From Small to Scale: Lessons Learned on the Requirements of Coordinated Selective Web Archiving and Its Applications

Balázs Indig1,2, Zsófia Sárközi-Lindner1,2, Mihály Nagy1,2

1Eötvös Loránd University, Department of Digital Humanities, Budapest, Hungary; 2National laboratory for Digital Humanities, Budapest, Hungary

Today, web archiving is measured on an increasingly large scale, pressurizing newcomers and independent researchers to keep up with the pace of development and maintain an expensive ecosystem of expertise and machinery. These dynamics involve a fast and broad collection phase, resulting in a large pool of data, followed by a slower enrichment phase consisting of cleaning, deduplication and annotation.

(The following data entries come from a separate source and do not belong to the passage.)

Lemma mxle_block m1 m2 n1 n2 (A A' : 'M[R]_(m1, n1)) (B B' : 'M[R]_(m1, n2))
    (C C' : 'M[R]_(m2, n1)) (D D' : 'M[R]_(m2, n2)) :
  mxle (block_mx A B C D) (block_mx A' B' C' D') <->
  [/\ mxle A A', mxle B B', mxle C C' & mxle D D'].
Proof.
split=> [le | [leA leB leC leD] i j].
  split=> i j.
  - by have := le (lshift _ i) (lshift _ j); rewrite !block_mxEul.
  - by have := le (lshift _ i) (rshift _ j); rewrite !block_mxEur.
  - by have := le (rshift _ i) (lshift _ j); rewrite !block_mxEdl.
  - by have := le (rshift _ i) (rshift _ j); rewrite !block_mxEdr.
case: (split_ordP i) => {}i ->; case: (split_ordP j) => {}j ->.
- by rewrite !block_mxEul.
- by rewrite !block_mxEur.
- by rewrite !block_mxEdl.
- by rewrite !block_mxEdr.
Qed.

Lemma nonneg_le_zero_left_column m1 m2 n1 n2
    (X : 'M[R]_(m1 + m2, n1 + n2)) B D :
  mx_nonneg X -> mxle X (block_mx 0 B 0 D) ->
  X = block_mx 0 (ursubmx X) 0 (drsubmx X).
Proof.
rewrite -[X]submxK => /mx_nonneg_block[ul_ge0 _ dl_ge0 _] /mxle_block[ul_le _ dl_le _].
rewrite block_mxKur block_mxKdr.
by congr block_mx; apply: mxle_anti => //; exact: mx_nonneg_ge0.
Qed.

Definition ones k : 'cV[R]_k := const_mx 1.

Lemma rowsumE m n (A : 'M[R]_(m, n)) i : \sum_j A i j = (A *m ones n) i 0.
Proof. by rewrite mxE; apply: eq_bigr => j _; rewrite mxE mulr1. Qed.

Lemma mx_nonneg_ones k : mx_nonneg (ones k).
Proof. by move=> i j; rewrite mxE. Qed.

End EntrywiseOrder.

Section MMatrix.
Variables (R : realType) (n : nat) (M : 'M[R]_n).
Hypothesis M_offdiag : forall i j, i != j -> M i j <= 0.
Hypothesis M_rowsum : forall i, 0 < \sum_j M i j.

(* If v_k = min v < 0, then (M v)_k <= v_k * (\sum_l M k l) < 0. *)
Lemma mmatrix_cV_nonneg (v : 'cV[R]_n) : mx_nonneg (M *m v) -> mx_nonneg v.
Proof.
move=> Mv_ge0 i j; rewrite (ord1 j) {j}.
pose k := [arg min_(k < i) v k 0]%O.
have v_min l : v k 0 <= v l 0 by rewrite /k; case: arg_minP => // k' _; apply.
rewrite (le_trans _ (v_min i)) // leNgt; apply/negP => vk_lt0.
have := Mv_ge0 k 0; rewrite mxE leNgt => /negP; apply.
apply: (@le_lt_trans _ _ (\sum_l M k l * v k 0)); last by rewrite -mulr_suml pmulr_rlt0.
apply: ler_sum => l _; have [-> // | lk] := eqVneq l k.
by rewrite ler_wnM2l // M_offdiag // eq_sym.
Qed.

Lemma mmatrix_unit : M \in unitmx.
Proof.
rewrite -unitmx_tr -row_free_unit; apply: inj_row_free => v.
move=> /(congr1 trmx); rewrite trmx_mul trmxK trmx0 => Mv0.
have vT_ge0 : mx_nonneg v^T by apply: mmatrix_cV_nonneg; rewrite Mv0; exact: mx_nonneg0.
have vT_le0 : mx_nonneg (- v^T).
  by apply: mmatrix_cV_nonneg; rewrite mulmxN Mv0 oppr0; exact: mx_nonneg0.
apply/matrixP => i j; apply/le_anti; rewrite mxE.
by have := vT_ge0 j i; have := vT_le0 j i; rewrite !mxE oppr_ge0 => -> ->.
Qed.

Lemma mmatrix_inv_nonneg : mx_nonneg (invmx M).
Proof.
move=> i j; have colj_ge0 : mx_nonneg (col j (invmx M)).
  apply: mmatrix_cV_nonneg => k l.
  by rewrite colE mulmxA mulmxV ?mmatrix_unit // mul1mx !mxE ler0n.
by have := colj_ge0 i 0; rewrite mxE.
Qed.

End MMatrix.

Section Resolvent.
Variables (R : realType) (n : nat) (M : 'M[R]_n) (a : R).
Hypotheses (a_gt0 : 0 < a) (M_offdiag : forall i j, i != j -> 0 <= M i j).

Lemma Pmat_nonneg : (forall i, - a <= M i i) -> mx_nonneg (Pmat M a).
Proof.
move=> M_diag i j; rewrite !mxE; have [<- | ij] := eqVneq i j.
  rewrite mulr1n -(mulVf (lt0r_neq0 a_gt0)) -mulrDr mulr_ge0 ?invr_ge0 ?(ltW a_gt0) //.
  by rewrite -lerBlDl sub0r.
by rewrite mulr0n add0r mulr_ge0 ?M_offdiag // invr_ge0 ltW.
Qed.

Lemma resolvent_unit_nonneg : mxle (M *m ones R n) 0 ->
  (1%:M - a^-1 *: M) \in unitmx /\ mx_nonneg (invmx (1%:M - a^-1 *: M)).
Proof.
move=> M_rowsum.
have offdiag i j : i != j -> (1%:M - a^-1 *: M) i j <= 0.
  move=> ij; rewrite !mxE (negbTE ij) mulr0n sub0r oppr_le0.
  by rewrite mulr_ge0 ?M_offdiag // invr_ge0 ltW.
have rowsum i : 0 < \sum_j (1%:M - a^-1 *: M) i j.
  rewrite rowsumE mulmxBl mul1mx -scalemxAl; set s := M *m ones R n.
  have := M_rowsum i 0; rewrite !mxE => si_le0.
  by rewrite subr_gt0 (le_lt_trans (mulr_ge0_le0 _ si_le0)) ?ltr01 // invr_ge0 ltW.
by split; [exact: mmatrix_unit | exact: mmatrix_inv_nonneg].
Qed.

End Resolvent.

Section Cayley.
Variables (R : realType) (k : nat) (a b : R) (U : 'M[R]_k).

Definition cayley := (1%:M + b *: U) *m invmx (1%:M - a *: U).

Lemma cayley_factors_commute :
  (1%:M - a *: U) *m (1%:M + b *: U) = (1%:M + b *: U) *m (1%:M - a *: U).
Proof.
rewrite !mulmxDl !mulmxDr !mulNmx !mulmxN !mul1mx !mulmx1.
by rewrite -!scalemxAl -!scalemxAr !scalerA mulrC addrACA.
Qed.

Our streamlined methodology for specific web archiving use cases combines mainstream practices with new open-source tools. Our custom crawler conducts selective web archiving for portals (e.g. blogs, forums, currently applied to Hungarian news providers), using the taxonomy of the given portal to systematically extract all articles exclusively into portal-specific WARC files. As articles have uniform portal-dependent structure, they can be transformed into a portal-independent TEI XML format individually. This methodology enables assets (e.g. video) to be archived separately on demand.

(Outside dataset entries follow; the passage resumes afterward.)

Lemma accel_ubound P m : (m <= M)%nat ->
  ubound P (fun N D => xder N D (S (S m))) (fun n => scale n 1 (S (S m))).
Proof.
  intros Hm.
  destruct (repder_ubound (S P) m) as [K1 [HK1 HB1]]; [lia|].
  destruct (forceder_ubound P m ltac:(lia) 0%nat) as [K2 [HK2 HB2]].
  exists (K1 + K2); split; [lra|]; intros N eps D HN Hs.
  pose proof (INR_ge1 N HN) as Hn1; pose proof (INR_N_pos N HN) as Hn0.
  rewrite scale_SS by auto.
  assert (HsN : 0 <= sqrt (INR N) ^ m) by (apply pow_le, sqrt_pos).
  destruct m as [|m].
  - (* the repulsions are constant in i at order 0 and cancel *)
    apply (dsmooth_ext _ _ (fun i => forceder N D 0 0 i)).
    { intros i; rewrite (xder_motion N eps D HN Hs), !(repder_0 N eps D HN Hs); ring. }
    apply (dsmooth_mono _ Hn0 _ _ (K2 * scale (INR N) 1 0)); [simpl; lra|].
    apply (HB2 N eps D HN Hs).
  - (* the difference of neighbouring repulsions gains a factor 1/n *)
    apply (dsmooth_ext _ _
      (fun i => -1 * fdiff (repder N D (S m)) (i + (N - 1)) + forceder N D 0 (S m) i)).
    { intros i; rewrite (xder_motion N eps D HN Hs); unfold fdiff.
      replace (S (i + (N - 1))) with (i + N)%nat by lia.
      rewrite repder_periodic by lia; replace (i + (N - 1))%nat with (i + N - 1)%nat by lia; ring. }
    apply (dsmooth_mono _ Hn0 _ _ (Rabs (-1) * (K1 * scale (INR N) (INR N * INR N) (S m) / INR N) +
        K2 * scale (INR N) 1 (S m))).
    + replace (Rabs (-1)) with 1 by (rewrite Rabs_left; lra); unfold scale.
      set (s := sqrt (INR N) ^ S m) in *.
      assert (s / INR N <= s).
      { unfold Rdiv; rewrite <- (Rmult_1_r s) at 2; apply Rmult_le_compat_l; auto.
        rewrite <- Rinv_1; apply Rinv_le_contravar; lra. }
      replace (1 * (K1 * (s * (INR N * INR N) / INR N) / INR N) + K2 * (s * 1 / INR N))
        with (K1 * s + K2 * (s / INR N)) by (field; lra).
      nra.
    + apply dsmooth_plus; [|apply (HB2 N eps D HN Hs)].
      apply dsmooth_scal, (dsmooth_shift _ _ (fdiff (repder N D (S m)))), dsmooth_fdiff; auto.
      apply (HB1 N eps D HN Hs).
Qed.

We focus on textual content, which in case of using traditional web archives would require using resource intensive filtering. Alternatives like trafilatura are limited to automatic content extraction often yielding invalid TEI or incomplete metadata unlike our semi-automatic method. Resulting data are deposited by grouping portals under specific DOIs, enabling fine-grained access and version control.

With almost 3 million articles from more than 20 portals we developed a library for executing common tasks on these files, including NLP and format conversion to overcome the difficulties of interacting with the TEI standard. To provide access to our archive and gain insights through faceted search, we created a light-weight trend viewer application to visualize text and descriptive metadata.

Our collaborations with researchers have shown that our approach makes it easy to merge coordinated separate crawls promoting small archives created by different researchers, who may have lower technical skills, into a comprehensive collection that can in some respects serve as an alternative to mainstream archives.

Balázs Indig, Zsófia Sárközi-Lindner, and Mihály Nagy. 2022. Use the Metadata, Luke! – An Experimental Joint Metadata Search and N-gram Trend Viewer for Personal Web Archives. In Proceedings of the 2nd International Workshop on Natural Language Processing for Digital Humanities, pages 47–52, Taipei, Taiwan. Association for Computational Linguistics.